Sucrase converts sucrase to ____

The 3 end-products of carbohydrate digestion are ____

Answer 6

Glucose and galactose

Glucose and fructose

glucosa, galactose, and fructose

Question 7

List the 3 main carbohydrate transporters on the apical membrane of the SI:

Answer 7

Na-Glucose cotransporter (SLGT1)

Na-Galactose cotransporter (SLGT1)

Fructose transporter (GLUT5)

SLGT1 is secondary active transport and all of these bring Na and the sugar from the lumen into the cell

Question 8

List the Main transporters on the basolateral (blood) side of the SI:

Answer 8

Na-K ATPase–> creates the energy gradient

GLUT2 brings glucose, galactose, and fructose in individually

Question 9

How does lactose intolerance cause diarrhea?

Answer 9

Lactase is deficient on the brush-border and lactose remains in the lumen.
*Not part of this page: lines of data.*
(* Let $m\ge 2$, let $\sigma_0\in\{-1,+1\}$, and let $P$ be a real $(m-1)\times(m-1)$ signed permutation matrix. Define the $m\times m$ matrix $$A=\begin{bmatrix} 0_{1\times(m-1)} & \sigma_0\\ P & 0_{(m-1)\times 1}\end{bmatrix}.$$ If all eigenvalues of $A$ are real, then $A = S + E$ where $S$ is a real symmetric matrix and $E$ is a diagonal matrix each of whose diagonal entries belongs to $\{-1,0,+1\}$.
   Context: A real signed permutation matrix is a square matrix with all entries in $\{-1,0,+1\}$ having exactly one nonzero entry in each row and in each column. *)

(* Real matrices with entries in {-1,0,1} are represented over
   algC (algebraic complex numbers); "real" = Num.real. *)
From HB Require Import structures.
From mathcomp Require Import all_boot all_order all_algebra all_field.
Set Implicit Arguments. Unset Strict Implicit. Unset Printing Implicit Defensive.
Import Order.TTheory GRing.Theory Num.Theory.
Local Open Scope ring_scope.

Definition sign_entry (x : algC) : Prop := x = -1 \/ x = 0 \/ x = 1.

Definition signed_perm_mx (n : nat) (P : 'M[algC]_n) : Prop :=
  (forall i j, sign_entry (P i j)) /\
  (forall i, #|[set j | P i j != 0]| = 1%N) /\
  (forall j, #|[set i | P i j != 0]| = 1%N).

Definition lemma2_mx (n : nat) (s0 : algC) (P : 'M[algC]_n) : 'M[algC]_(1 + n) :=
  castmx (erefl (1 + n)%N, addnC n 1%N)
    (block_mx (0 : 'M_(1, n)) (s0%:M : 'M_1) P (0 : 'M_(n, 1))).

Definition real_mx (n : nat) (M : 'M[algC]_n) : Prop :=
  forall i j, M i j \is Num.real.

From HB Require Import structures.
From mathcomp Require Import all_boot all_order all_algebra all_field.
Set Implicit Arguments. Unset Strict Implicit. Unset Printing Implicit Defensive.
Import Order.TTheory GRing.Theory Num.Theory Num.Def.
Local Open Scope ring_scope.
Local Open Scope sesquilinear_scope.

(* The matrix A is real orthogonal, hence normal, so the spectral theorem
   writes it as U^-1 D U with U unitary and the eigenvalues of A on the
   diagonal of D.  If these are real, D is self-adjoint and so is A; being
   real, A is then symmetric, and S = A, E = 0 works. *)

Section NormalMatrix.
Variables (C : numClosedFieldType) (n : nat).

Lemma eigenvalue_diag_similar (U : 'M[C]_n) (d : 'rV[C]_n) i :
  U \in unitmx -> eigenvalue (invmx U *m diag_mx d *m U) (d 0 i).
Proof.
move=> Uunit; apply/eigenvalueP; exists (row i U).
  by rewrite rowE !mulmxA mulmxK // -[_ *m diag_mx d]rowE row_diag_mx scalemxAl.
rewrite rowE mulmx_free_eq0 ?row_free_unit //.
by apply/eqP => /matrixP/(_ 0 i); rewrite !mxE !eqxx => /eqP; rewrite oner_eq0.
Qed.

Lemma normalmx_real_eigenvalue_hermitian (A : 'M[C]_n) :
  A \is normalmx -> (forall z, eigenvalue A z -> z \is Num.real) -> A ^t* = A.
Proof.
move=> /orthomx_spectralP Adef Areal.
set U := spectralmx A in Adef; set d := spectral_diag A in Adef.
have Uunitary : U \is unitarymx := spectral_unitarymx A.
have dC : d ^ conjC = d.
  apply/rowP => i; rewrite mxE; apply/CrealP/Areal.
  by rewrite Adef; apply: eigenvalue_diag_similar; exact: unitarymx_unit.
rewrite Adef invmx_unitary // !trmx_mul !map_mxM trmxCK tr_diag_mx map_diag_mx dC.
by rewrite mulmxA.
Qed.

End NormalMatrix.

Section Castmx.
Variable R : pzRingType.

Lemma mulmx_castmx k m (e : k = m) p (A : 'M[R]_(k, p)) (B : 'M[R]_(p, k)) :
  castmx (e, erefl p) A *m castmx (erefl p, e) B = castmx (e, e) (A *m B).
Proof. by case: m / e; rewrite !castmx_id. Qed.

Lemma castmx_scalar_mx k m (e : k = m) (a : R) : castmx (e, e) a%:M = a%:M.
Proof. by case: m / e; rewrite castmx_id. Qed.

End Castmx.

Lemma sign_entry_real x : sign_entry x -> x \is Num.real.
Proof. by case=> [->|[->|->]]; rewrite ?realN ?real0 ?real1. Qed.

Lemma sign_entry_sqr x : sign_entry x -> x != 0 -> x * x = 1.
Proof. by case=> [->|[->|->]]; rewrite ?eqxx // ?mulrNN mulr1. Qed.

Lemma real_mx_conj n (M : 'M[algC]_n) : real_mx M -> M ^ conjC = M.
Proof. by move=> Mreal; apply/matrixP => i j; rewrite mxE; exact/CrealP. Qed.

Lemma cards1_predP (T : finType) (p : pred T) :
  #|[set x | p x]| = 1%N -> exists x0, forall x, p x = (x == x0).
Proof.
by move/eqP/cards1P => [x0 px0]; exists x0 => x; rewrite -in_set1 -px0 inE.
Qed.

Lemma signed_perm_mx_real n (P : 'M[algC]_n) : signed_perm_mx P -> real_mx P.
Proof. by case=> Psign _ i j; exact: sign_entry_real. Qed.

Lemma signed_perm_mx_orthogonal n (P : 'M[algC]_n) :
  signed_perm_mx P -> P^T *m P = 1%:M.
Proof.
case=> Psign [Prow Pcol]; apply/matrixP => i j; rewrite !mxE.
have [l Pcol_i] := cards1_predP (Pcol i).
rewrite (bigD1 l) ?Pcol_i //= big1 => [|k /negbTE kl]; last first.
  by rewrite mxE; move: (Pcol_i k); rewrite kl => /negbFE/eqP ->; rewrite mul0r.
have [j0 Prow_l] := cards1_predP (Prow l).
have ij0 : i = j0 by apply/eqP; rewrite -Prow_l Pcol_i.
rewrite mxE addr0; case: eqVneq => [<-|ij]; first by rewrite sign_entry_sqr ?Pcol_i.
have /negbFE/eqP -> : (P l j != 0) = false by rewrite Prow_l -ij0 eq_sym (negbTE ij).
by rewrite mulr0.
Qed.

Lemma lemma2_mx_conj n s0 (P : 'M[algC]_n) :
  s0 \is Num.real -> P ^ conjC = P -> lemma2_mx s0 P ^ conjC = lemma2_mx s0 P.
Proof.
move=> /CrealP s0C PC.
by rewrite /lemma2_mx map_castmx map_block_mx map_scalar_mx /= s0C PC !map_mx0.
Qed.

Lemma lemma2_mx_orthogonal n (s0 : algC) (P : 'M[algC]_n) :
  s0 * s0 = 1 -> P^T *m P = 1%:M -> (lemma2_mx s0 P)^T *m lemma2_mx s0 P = 1%:M.
Proof.
move=> s0s0 PtP; rewrite /lemma2_mx trmx_cast /= mulmx_castmx tr_block_mx.
rewrite mulmx_block !trmx0 !mul0mx !mulmx0 !add0r !addr0 PtP.
rewrite tr_scalar_mx mul_scalar_mx scale_scalar_mx s0s0 -scalar_mx_block.
exact: castmx_scalar_mx.
Qed.

Theorem lemma2 (n : nat) (hn : (1 <= n)%N) (s0 : algC) (P : 'M[algC]_n)
  (hs0 : s0 = 1 \/ s0 = -1) (hP : signed_perm_mx P)
  (hreal : forall z : algC, eigenvalue (lemma2_mx s0 P) z -> z \is Num.real) :
  exists S E : 'M[algC]_(1 + n),
    [/\ real_mx S, S^T = S, is_diag_mx E,
        (forall i, sign_entry (E i i)) & lemma2_mx s0 P = S + E].
Proof.
set A := lemma2_mx s0 P.
have s0_real : s0 \is Num.real by case: hs0 => ->; rewrite ?realN real1.
have AC : A ^ conjC = A.
  exact/lemma2_mx_conj/real_mx_conj/signed_perm_mx_real.
have AtA : A^T *m A = 1%:M.
  apply: lemma2_mx_orthogonal; last exact: signed_perm_mx_orthogonal.
  by case: hs0 => ->; rewrite ?mulrNN mulr1.
have A_normal : A \is normalmx.
  by apply/normalmxP; rewrite -map_trmx AC AtA; exact: mulmx1C.
have A_sym : A^T = A.
  by rewrite -{1}AC map_trmx; exact: normalmx_real_eigenvalue_hermitian.
exists A, 0; split => //.
- by move=> i j; apply/CrealP; rewrite -[in RHS]AC mxE.
- exact: mx0_is_diag.
- by move=> i; rewrite mxE; right; left.
- by rewrite addr0.
Qed.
As a result, undigested lactose holds water in the lumen and causes osmotic diarrhea

Undigested and unabsorbed lactose is fermented into methane and H+ gas, causing flatulence

Question 10

In the stomach, what converts pepsinogen to pepsin?

Answer 10

Low pH

Question 11

In the SI, what initially converts trypsinogen to trypsin?

Answer 11

Enteropeptidase (brush-border)

Question 12

Chymotrypsinogen –> chymotrypsin, Proelastase –> elastase, Procarboxypeptidase a/b –> carboxypeptidase a/b

All of these rxns are catalyzed by ___ in the SI

Answer 12

Trypsin

Question 13

What are the co-transporters for amino acids and di/tri-peptides on the apical (lumen) side in the SI?

Answer 13

Na-AA co-transporter

H-Di/tri-peptide cotransporter

Both co-transporters bring them from the lumen into the cell

Also a Na-H exchanger –> Na into the cell, H into the lumen

Question 14

Once di and tri-peptides are co-transported from the lumen into the cell via the H+-Di/tri-peptide cotransporter, what converts the di/tri-peptides into AAs?

Answer 14

Peptidase

Question 15

How are AA’s absorbed from the cells of the SI into the blood?

Answer 15

Na-K ATPase creates energy gradient

AA’s absorbed via facilitated diffusion

Question 16

___ is a genetic disorder that occurs when there is a defect or absence of Na+ - AA cotransporters and the transporter for di-basic AAs is absent from the SI and kidneys.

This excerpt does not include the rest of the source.